Lemma dist_refl r x : dist r x x = 0.
Proof. by apply/eqP; rewrite -leqn0; apply: (@dist_le_walk r x x [::]). Qed.

Lemma dist_sym_le r x y : symmetric r -> connect r x y -> dist r y x <= dist r x y.
Proof.
move=> sym_r /dist_walk [p [<- rp lp]].
have rp' : path r y (rev (belast x p)).
  by rewrite -lp rev_path; apply: sub_path rp => a b; rewrite sym_r.
rewrite -(size_belast x p) -size_rev; apply: dist_le_walk rp' _.
by rewrite -lp; case: p {rp lp} => //= a p; rewrite rev_cons last_rcons.
Qed.

Lemma dist_sym r x y : symmetric r -> connect r x y -> dist r x y = dist r y x.
Proof.
move=> sym_r cxy; apply/eqP; rewrite eqn_leq (dist_sym_le sym_r cxy) andbT.
by apply: dist_sym_le; rewrite // (sym_connect_sym sym_r).
Qed.

Lemma dist_via r w x y : symmetric r -> (forall u v, connect r u v) ->
  dist r x y <= dist r x w + dist r y w.
Proof.
move=> sym_r conn_r; rewrite (dist_sym sym_r (conn_r y w)).
exact: dist_triangle.
Qed.
End Distance.

Section CyclicPositions.
Variables (T : finType) (c : seq T) (x0 : T).
Hypothesis c_uniq : uniq c.
Hypothesis c_pos : 0 < size c.
Local Notation n := (size c).

Definition cvert m := nth x0 c (m %% n).

Lemma cvert_eq a b : (cvert a == cvert b) = (a %% n == b %% n).
Proof. by rewrite /cvert nth_uniq // ltn_pmod. Qed.

Lemma cvertD a b d : cvert a = cvert b -> cvert (a + d) = cvert (b + d).
Proof. by move/eqP; rewrite cvert_eq => /eqP ab; apply/eqP; rewrite cvert_eq -modnDml ab modnDml. Qed.

Lemma cvertK a b d : cvert (a + d) = cvert (b + d) -> cvert a = cvert b.
Proof. by move/eqP; rewrite cvert_eq eqn_modDr -cvert_eq => /eqP. Qed.

Lemma cvert_mem m : cvert m \in c.
Proof. by rewrite /cvert mem_nth // ltn_pmod. Qed.

Lemma cvert_index x : x \in c -> cvert (index x c) = x.
Proof. by move=> cx; rewrite /cvert modn_small ?index_mem // nth_index. Qed.
Record rep_graph := RepGraph {
  FV : choiceType;
  FE : choiceType;
  srcF : FE -> FV;
  rngF : FE -> FV;
  phiV : FV -> V;
  phiE : FE -> dedge }.

Inductive gen := GV of V | GE of Ed | GS of Ed.

Section Module.
Variables (K : fieldType) (F : rep_graph).

Definition Wsp := {malg K[FV F]}.

Definition Tsum (e : Ed) (f : FE F) : Wsp :=
  \sum_(pr <- fin_enum (fun pr : FE F * FE F =>
      [/\ srcF pr.1 = srcF f, rngF pr.1 = srcF pr.2 &
          exists d, [/\ phiE pr.1 = (d, false), phiE pr.2 = (d, true),
                        s d = s e & d <> e]]))
     << rngF pr.2 >>.

Definition act_basis (w : FV F) (g : gen) : Wsp :=
  match g with
  | GV v => if phiV w == v then << w >> else 0
  | GE e =>
      match pick_some (fun f => srcF f = w /\ phiE f = (e, false)) with
      | Some f => << rngF f >>
      | None =>
        match pick_some (fun f => rngF f = w /\ phiE f = (e, true)) with
        | Some f => << srcF f >>
        | None => 0
        end
      end
  | GS e =>
      match pick_some (fun f => srcF f = w /\ phiE f = (e, true)) with
      | Some f => << rngF f >>
      | None =>
        match pick_some (fun f => rngF f = w /\ phiE f = (e, false)) with
        | Some f => if special e then << srcF f >> - Tsum e f else 0
        | None => 0
        end
      end
  end.

Definition act (g : gen) (u : Wsp) : Wsp :=
  \sum_(w <- msupp u) u@_w *: act_basis w g.

Definition submodule (U : Wsp -> Prop) : Prop :=
  [/\ U 0,
      forall u1 u2, U u1 -> U u2 -> U (u1 + u2),
      forall (k : K) u, U u -> U (k *: u) &
      forall g u, U u -> U (act g u)].

Definition simple_module : Prop :=
  (exists u : Wsp, u <> 0) /\
  forall U, submodule U -> (forall u, U u -> u = 0) \/ (forall u, U u).

Definition is_endo (h : Wsp -> Wsp) : Prop :=
  [/\ forall u1 u2, h (u1 + u2) = h u1 + h u2,
      forall (k : K) u, h (k *: u) = k *: h u &
      forall g u, h (act g u) = act g (h u)].

Definition End_iso_field : Prop :=
  exists Phi : K -> Wsp -> Wsp,
    [/\ forall a, is_endo (Phi a),
        forall h, is_endo h -> exists! a, forall u, h u = Phi a u,
        forall a b u, Phi (a + b) u = Phi a u + Phi b u,
        forall a b u, Phi (a * b) u = Phi a (Phi b u) &
        forall u, Phi 1 u = u].

End Module.

Section Fx.
Variables (m : nat) (x : 'I_m -> Ed).

Definition real (e : Ed) : dedge := (e, false).

(* raw vertices: inl i = w_i ; inr (i, y) = w_{i,y}  (0-based i) *)
Definition Fraw := ('I_m + ('I_m * seq dedge))%type.

Definition inX (i : 'I_m) (y : seq dedge) : bool :=
  [&& basis_word y, basis_word [:: real (x i); head (real (x i)) y]
    & head (real (x i)) y != real (x (ordS i))].

Definition Fvalid (v : Fraw) : bool :=
  match v with inl _ => true | inr (i, y) => inX i y end.

Definition FxV := {v : Fraw | Fvalid v}.

Definition FxV_inl (i : 'I_m) : FxV := exist _ (inl i) isT.

(* every vertex has exactly one incoming edge (f_i into w_i, f_{i,y}
   into w_{i,y}); we name each edge of F_x by its range vertex *)
Definition Fx_src (w : FxV) : FxV :=
  match sval w with
  | inl i => FxV_inl (ord_pred i)
  | inr (i, y) =>
      if size y == 1%N then FxV_inl i
      else insubd w (inr (i, belast (head (real (x i)) y) (behead y)) : Fraw)
  end.

Definition Fx_phiV (w : FxV) : V :=
  match sval w with
  | inl i => r (x i)
  | inr (i, y) => rd (last (real (x i)) y)
  end.

Definition Fx_phiE (f : FxV) : dedge :=
  match sval f with
  | inl i => real (x i)
  | inr (i, y) => last (real (x i)) y
  end.

Definition Fx : rep_graph := @RepGraph FxV FxV Fx_src id Fx_phiV Fx_phiE.

End Fx.
End Graph.

From mathcomp Require Import all_boot all_order all_algebra.
From mathcomp Require Import finmap.
From mathcomp.multinomials Require Import monalg.
From Stdlib Require Import ClassicalEpsilon.

Set Implicit Arguments.
Unset Strict Implicit.
Unset Printing Implicit Defensive.
Import Order.TTheory GRing.Theory Num.Theory.
Local Open Scope fset_scope.
Local Open Scope ring_scope.

(* An endomorphism h of W is determined by h(w_j) for a single cycle vertex w_j:
   every vertex of F_x is reached from w_j along edges of F_x, and since F_x is
   deterministic the letter labelling an edge sends its source to its range.
   The vector u = h(w_j) is fixed by the idempotent r(x_j) and by the word
   x_{j+1} ... x_{j+m} going once around the cycle.  That word maps basis vectors
   to basis vectors or to 0, never moves a cycle vertex into the trees, and raises
   the weight (#real - #ghost letters of y) of tree vertices w_{i,y}; so no tree
   vertex of minimal weight can lie in the support of u.  Hence u = a w_j and
   h = a id.
   An exit e at s(x_j) is nonspecial since x_j is special.  The vectors supported
   on the tree of vertices w_{j-1, e y} form a nonzero proper submodule: the only
   edge entering that tree is labelled e, and e^* does not leave it because e is
   nonspecial. *)

Lemma pick_someP (T : Type) (P : T -> Prop) t : pick_some P = Some t -> P t.
Proof.
by rewrite /pick_some; case: excluded_middle_informative => // H [<-]; apply: proj2_sig.
Qed.

Lemma pick_some_uniq (T : Type) (P : T -> Prop) t :
  P t -> (forall t', P t' -> t' = t) -> pick_some P = Some t.
Proof.
move=> Pt P_uniq; rewrite /pick_some; case: excluded_middle_informative => [H|[]].
  by congr Some; apply: P_uniq; apply: proj2_sig.
by exists t.
Qed.

Lemma fin_enumP (T : eqType) (P : T -> Prop) t : t \in fin_enum P -> P t.
Proof.
rewrite /fin_enum; case E: (pick_some _) => [l|] //=.
by move=> t_l; apply/(pick_someP E).2.
Qed.

Lemma seq_argmin (T : eqType) (d : Order.disp_t) (R : orderType d) (f : T -> R)
    (s : seq T) :
  s != [::] -> exists2 z, z \in s & forall t, t \in s -> (f z <= f t)%O.
Proof.
move=> s_nnil; pose leT := [rel a b | (f a <= f b)%O].
have leT_trans : transitive leT by move=> b a c; apply: le_trans.
have := sort_sorted (fun a b => le_total (f a) (f b)) s.
have := mem_sort leT s; case: (sort leT s) => [|z s'] mem_s.
  by case: s s_nnil mem_s => // a s' _ /(_ a); rewrite mem_head.
move=> /(order_path_min leT_trans) /allP z_min.
exists z => [|t]; first by rewrite -mem_s mem_head.
by rewrite -mem_s in_cons => /predU1P[-> //|/z_min].
Qed.

Section MonomialOperators.
Variables (K : fieldType) (T : choiceType).
Local Notation W := {malg K[T]}.
(* Let $G$ be a finite group, $f$ a unitary representation of $G$ on a finite-dimensional Hilbert space $\mathcal H$, and $\rho$ a pure state on $\mathcal H$. Let $0<\epsilon<1$ and $\delta_1,\delta_2>0$. Then $$\log M(\rho,\epsilon)\ \ge\ H_s^{\epsilon-\delta_1-\delta_2}(\mathrm{av}_f[\rho])-\log\frac{1}{\delta_1\delta_2},\qquad \log M(\rho,\epsilon)\ \le\ H_s^{\epsilon+\delta_1+2\delta_2}(\mathrm{av}_f[\rho])+\log\frac{1}{\delta_1\delta_2^2}.$$
   Context: $\mathrm{av}_f[\rho]:=\frac{1}{|G|}\sum_{g\in G}f(g)\rho f(g)^\dagger$. $M(\rho,\epsilon)$ is the number of distinguishable states among $\{f(g)\rho f(g)^\dagger\}_{g\in G}$ with error probability $\epsilon$: the largest integer $N$ for which there exist $g_1,\dots,g_N\in G$ and a POVM $\{\Pi_1,\dots,\Pi_N\}$ with $\frac1N\sum_{i=1}^N\mathrm{tr}\,f(g_i)\rho f(g_i)^\dagger(I-\Pi_i)\le\epsilon$. For a state $\sigma$ and $\epsilon\in\mathbb R$, $H_s^{\epsilon}(\sigma):=\max\{\lambda\in\mathbb R:\mathrm{tr}\,\sigma\{\sigma\ge e^{-\lambda}\}\le\epsilon\}$, where $\{\sigma\ge e^{-\lambda}\}$ is the projection onto the span of eigenvectors of $\sigma$ with eigenvalues $\ge e^{-\lambda}$. Logarithms are natural. *)

From HB Require Import structures.
From mathcomp Require Import all_boot all_order all_algebra all_fingroup.
From mathcomp Require Import mxrepresentation.
From mathcomp Require Import complex.
From mathcomp Require Import all_classical all_reals.
From mathcomp Require Import ereal.
From mathcomp.analysis Require Import sequences exp.

Set Implicit Arguments.
Unset Strict Implicit.
Unset Printing Implicit Defensive.

Import Order.TTheory GRing.Theory Num.Theory.
Local Open Scope ring_scope.
(* Let $X=\nu_{d_1,\dots,d_k}(\mathbb{P}^{n_1}\times\cdots\times\mathbb{P}^{n_k})\subset\mathbb{P}^N$ and $p\in\mathbb{P}^N$. Let $\Gamma\subset\mathbb{P}^{n_1}\times\cdots\times\mathbb{P}^{n_k}$ be a minimal zero-dimensional scheme such that $p\in\langle\nu_{d_1,\dots,d_k}(\Gamma)\rangle$, and for each $i$ let $L_i=\langle\pi_i(\Gamma)\rangle\subset\mathbb{P}^{n_i}$, a linear subspace of dimension $m_i\le\deg(\pi_i(\Gamma))-1$. Then $r_X(p)=r_Y(p)$, where $Y=\nu_{d_1,\dots,d_k}(L_1\times\cdots\times L_k)\cong\nu_{d_1,\dots,d_k}(\mathbb{P}^{m_1}\times\cdots\times\mathbb{P}^{m_k})$. In particular, if $\deg(\pi_i(\Gamma))=1$ for some $i$, then $L_i$ is a point and $Y$ is isomorphic to the Segre-Veronese variety of the product of the remaining $k-1$ factors $\mathbb{P}^{m_j}$, $j\neq i$, embedded with multidegree $(d_j)_{j\ne i}$.
   Context: Work over an algebraically closed field. $\nu_{d_1,\dots,d_k}$ is the Segre-Veronese embedding by $|\mathcal{O}(d_1,\dots,d_k)|$; $\pi_i:\mathbb{P}^{n_1}\times\cdots\times\mathbb{P}^{n_k}\to\mathbb{P}^{n_i}$ is the $i$-th projection and $\pi_i(\Gamma)$ the scheme-theoretic image. $\langle\cdot\rangle$ is linear span. For a subvariety $W\subset\mathbb{P}^N$, the $W$-rank $r_W(p)$ of $p\in\langle W\rangle$ is the minimal $s$ such that $p$ lies in the span of $s$ points of $W$. *)

From HB Require Import structures.
From mathcomp Require Import all_boot all_order all_algebra.
Set Implicit Arguments. Unset Strict Implicit. Unset Printing Implicit Defensive.
Import GRing.Theory.
Local Open Scope ring_scope.

(* Ambient: P^{n_0} x ... x P^{n_{k-1}} over a field F.
   Variables x_{i,j}, i < k, j <= n_i.  A multidegree is a function 'I_k -> nat. *)
Section SegreVeronese.
Variable F : fieldType.
Variable k : nat.
Variable n : 'I_k -> nat.

Definition var := {i : 'I_k & 'I_(n i).+1}.
Definition mvar (i : 'I_k) (j : 'I_(n i).+1) : var := Tagged (fun i => 'I_(n i).+1) j.

Definition multideg := {ffun 'I_k -> nat}.
Definition monomial := {ffun var -> nat}.

Definition mdeg (m : monomial) : multideg :=
  [ffun i => (\sum_(j < (n i).+1) m (@mvar i j))%N].

Definition unitmd (i : 'I_k) : multideg := [ffun j => nat_of_bool (j == i)].
Definition addmd (a b : multideg) : multideg := [ffun i => (a i + b i)%N].
Definition constmd (t : nat) : multideg := [ffun _ => t].

(* A multihomogeneous mform (or a vector of coordinates of P^N indexed by
   monomials): a coefficient function on monomials. *)
Definition mform := monomial -> F.
Definition homog (a : multideg) (f : mform) : Prop :=
  forall m, f m != 0 -> mdeg m = a.

Definition mulmon (mu : monomial) (f : mform) : mform :=
  fun m => if [forall v, (mu v <= m v)%N] then f [ffun v => (m v - mu v)%N] else 0.

(* finite enumeration of the monomials of multidegree a *)
Definition mbound (a : multideg) : nat := (\max_(i < k) a i)%N.
Definition toN (a : multideg) (e : {ffun var -> 'I_(mbound a).+1}) : monomial :=
  [ffun v => nat_of_ord (e v)].

Definition evalf (a : multideg) (f : mform) (x : var -> F) : F :=
  \sum_(e : {ffun var -> 'I_(mbound a).+1} | mdeg (toN e) == a)
     f (toN e) * \prod_(v : var) x v ^+ (e v).

(* the linear mform f (of degree a) paired with the coordinate vector p *)
Definition pairing (a : multideg) (f : mform) (p : mform) : F :=
  \sum_(e : {ffun var -> 'I_(mbound a).+1} | mdeg (toN e) == a)
     f (toN e) * p (toN e).

Definition sv (d : multideg) (x : var -> F) : mform :=
  fun m => if mdeg m == d then \prod_(v : var) x v ^+ (m v) else 0.

(* ----- closed subschemes = B-saturated multihomogeneous ideals -----
   I a f  means  f is in the degree-a component I_a. *)
Definition mideal := multideg -> mform -> Prop.

Record homog_ideal (I : mideal) : Prop := {
  hi_homog : forall a f, I a f -> homog a f;
  hi_zero  : forall a, I a (fun _ => 0);
  hi_add   : forall a f g, I a f -> I a g -> I a (fun m => f m + g m);
  hi_scale : forall a c f, I a f -> I a (fun m => c * f m);
  hi_mul   : forall a f mu, I a f -> I (addmd a (mdeg mu)) (mulmon mu f)
}.

(* saturation w.r.t. the irrelevant ideal B = m_0 ... m_{k-1};
   B^t is generated by the monomials of multidegree (t,...,t) *)
Definition saturated (I : mideal) : Prop :=
  forall a f, homog a f ->
    (exists t, forall mu : monomial, mdeg mu = constmd t ->
        I (addmd a (mdeg mu)) (mulmon mu f)) -> I a f.

Definition closed_subscheme (I : mideal) : Prop := homog_ideal I /\ saturated I.

(* zero-dimensional: bounded Hilbert function, i.e. there is r with
   dim S_a / I_a <= r for every multidegree a *)
Definition zero_dim_scheme (I : mideal) : Prop :=
  closed_subscheme I /\
  exists r : nat, forall a (g : 'I_r.+1 -> mform), (forall t, homog a (g t)) ->
    exists c : 'I_r.+1 -> F, (exists t, c t != 0) /\
      I a (fun m => \sum_(t < r.+1) c t * g t m).

Definition subscheme (J I : mideal) : Prop := forall a f, I a f -> J a f.

(* p lies in the linear span < nu_d(Gamma) >: every linear mform on P^N
   vanishing on nu_d(Gamma) (= element of I_d) vanishes at p *)
Definition in_span_scheme (I : mideal) (d : multideg) (p : mform) : Prop :=
  forall f, I d f -> pairing d f p = 0.

Definition blocknz (x : var -> F) (i : 'I_k) : Prop := exists j : 'I_(n i).+1, x (@mvar i j) != 0.

Definition in_product (x : var -> F) : Prop := forall i, blocknz x i.

(* points of L_0 x ... x L_{k-1}, L_i = < pi_i(Gamma) >, cut out by the linear
   forms in I cap F[x_i], i.e. by I_{e_i} *)
Definition in_spans_proj (I : mideal) (x : var -> F) : Prop :=
  forall i, blocknz x i /\ forall f, I (unitmd i) f -> evalf (unitmd i) f x = 0.

Definition rank_le (P : (var -> F) -> Prop) (d : multideg) (p : mform) (s : nat) : Prop :=
  exists (xs : 'I_s -> var -> F) (c : 'I_s -> F),
    (forall t, P (xs t)) /\ forall m, p m = \sum_(t < s) c t * sv d (xs t) m.

Definition is_rank (P : (var -> F) -> Prop) (d : multideg) (p : mform) (r : nat) : Prop :=
  rank_le P d p r /\ forall s, (s < r)%N -> ~ rank_le P d p s.

End SegreVeronese.

From mathcomp Require Import all_boot all_order all_algebra.
From Stdlib Require Import Classical ClassicalEpsilon FunctionalExtensionality.
From mathcomp Require Import zify ring.
(* Let W_i be the linear forms on the i-th factor that lie in I, so that L_i is their
   common zero set, and let P_i be a projection onto the zero set of W_i such that
   the rows of 1 - P_i lie in W_i.  Writing P x for the blockwise image of x, every
   x_j - (P x)_j is a form of I, hence by induction on degree so is x^m - (P x)^m for
   every monomial m.  Pairing these forms with p, which lies in the span of nu(Gamma),
   turns any decomposition p = sum_t c_t nu(x_t) into p = sum_t c_t nu(P x_t).  The
   points P x_t lie on L_1 x ... x L_k except when some block vanishes, and then
   nu(P x_t) = 0 because every d_i > 0, so these terms can be dropped.  Hence X-rank
   and Y-rank agree. *)

Set Implicit Arguments. Unset Strict Implicit. Unset Printing Implicit Defensive.
Import GRing.Theory.
Local Open Scope ring_scope.

Section Monomials.
Variables (k : nat) (n : 'I_k -> nat).

Definition mon0 : monomial n := [ffun _ => 0%N].
Definition mon_var (v : var n) : monomial n := [ffun u => nat_of_bool (u == v)].
Definition addm (m1 m2 : monomial n) : monomial n := [ffun u => (m1 u + m2 u)%N].
Definition subm (m1 m2 : monomial n) : monomial n := [ffun u => (m1 u - m2 u)%N].
Definition mon_dvd (m1 m2 : monomial n) : bool := [forall v, (m1 v <= m2 v)%N].

Lemma addmdC (a b : multideg k) : addmd a b = addmd b a.
Proof. by apply/ffunP => i; rewrite !ffunE addnC. Qed.

Lemma mdeg_addm (m1 m2 : monomial n) :
  mdeg (addm m1 m2) = addmd (mdeg m1) (mdeg m2).
Proof.
apply/ffunP => i; rewrite /mdeg /addmd !ffunE -big_split /=.
by apply: eq_bigr => j _; rewrite ffunE.
Qed.

Lemma addmdI (a b c : multideg k) : addmd a c = addmd b c -> a = b.
Proof.
move/ffunP => h; apply/ffunP => i; have := h i.
by rewrite !ffunE => /eqP; rewrite eqn_add2r => /eqP.
Qed.

Lemma mvar_tag (i i' : 'I_k) (j : 'I_(n i).+1) (j' : 'I_(n i').+1) :
  @mvar k n i j = @mvar k n i' j' -> i = i'.
Proof. by move/(congr1 tag). Qed.

Lemma eq_mvar (i : 'I_k) (j j' : 'I_(n i).+1) :
  (@mvar k n i j == mvar j') = (j == j').
Proof. by rewrite /mvar eq_Tagged. Qed.

Lemma mdeg_mon_var (i : 'I_k) (j : 'I_(n i).+1) : mdeg (mon_var (mvar j)) = unitmd i.
Proof.
apply/ffunP => i'; rewrite /mdeg /unitmd !ffunE.
have [->|ne] := eqVneq i' i.
  rewrite (bigD1 j) //= ffunE eq_mvar eqxx big1 // => j' nj.
  by rewrite ffunE eq_mvar (negbTE nj).
rewrite big1 // => j' _; rewrite ffunE.
by case: eqP => // /mvar_tag e; rewrite e eqxx in ne.
Qed.

Lemma eq_mon_var (i : 'I_k) (j j' : 'I_(n i).+1) :
  (mon_var (mvar j) == mon_var (mvar j')) = (j == j').
Proof.
apply/eqP/eqP => [/ffunP /(_ (mvar j))|->//].
by rewrite !ffunE eqxx eq_mvar; case: eqP.
Qed.

Lemma mdeg_unitmd (i : 'I_k) (m : monomial n) :
  mdeg m = unitmd i -> exists j, m = mon_var (@mvar k n i j).
Proof.
move=> /ffunP h.
have hi := h i; rewrite /mdeg /unitmd !ffunE eqxx in hi.
have [j hj] : exists j, m (@mvar k n i j) != 0%N.
  apply/existsP; apply: contraT; rewrite negb_exists => /forallP h0.
  by rewrite big1 in hi => // j _; apply/eqP; have := h0 j; rewrite negbK.
move: hi; rewrite (bigD1 j) //= => hi.
have hj1 : m (mvar j) = 1%N by move: hi hj; case: (m (mvar j)) => [|[|]].
move: hi; rewrite hj1 => /eqP; rewrite -{2}[1%N]addn0 eqn_add2l sum_nat_eq0.
move=> /forallP hz; exists j; apply/ffunP => -[i' j']; rewrite ffunE.
have [e|ne] := eqVneq i' i.
  subst i'; rewrite -/(mvar j') eq_mvar.
  by have [->|nj] //= := eqVneq j' j; apply/eqP; exact: (implyP (hz j') nj).
have hi' := h i'; rewrite /mdeg /unitmd !ffunE (negbTE ne) in hi'.
move/eqP: hi'; rewrite sum_nat_eq0 => /forallP /(_ j') /eqP ->.
by case: eqP => // /mvar_tag e; rewrite e eqxx in ne.
Qed.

- - - -

### EXERCISE DIRECTIONS
Only one part of the material above is to be transcribed, namely the lines starting with the line that has "exists d, [/\" and going on through the line that has "forall U, submodule", exactly as they stand.

### RESPONSE AREA
          exists d, [/\ phiE pr.1 = (d, false), phiE pr.2 = (d, true),
                        s d = s e & d <> e]]))
     << rngF pr.2 >>.

Definition act_basis (w : FV F) (g : gen) : Wsp :=
  match g with
  | GV v => if phiV w == v then << w >> else 0
  | GE e =>
      match pick_some (fun f => srcF f = w /\ phiE f = (e, false)) with
      | Some f => << rngF f >>
      | None =>
        match pick_some (fun f => rngF f = w /\ phiE f = (e, true)) with
        | Some f => << srcF f >>
        | None => 0
        end
      end
  | GS e =>
      match pick_some (fun f => srcF f = w /\ phiE f = (e, true)) with
      | Some f => << rngF f >>
      | None =>
        match pick_some (fun f => rngF f = w /\ phiE f = (e, false)) with
        | Some f => if special e then << srcF f >> - Tsum e f else 0
        | None => 0
        end
      end
  end.

Definition act (g : gen) (u : Wsp) : Wsp :=
  \sum_(w <- msupp u) u@_w *: act_basis w g.

Definition submodule (U : Wsp -> Prop) : Prop :=
  [/\ U 0,
      forall u1 u2, U u1 -> U u2 -> U (u1 + u2),
      forall (k : K) u, U u -> U (k *: u) &
      forall g u, U u -> U (act g u)].

Definition simple_module : Prop :=
  (exists u : Wsp, u <> 0) /\
  forall U, submodule U -> (forall u, U u -> u = 0) \/ (forall u, U u).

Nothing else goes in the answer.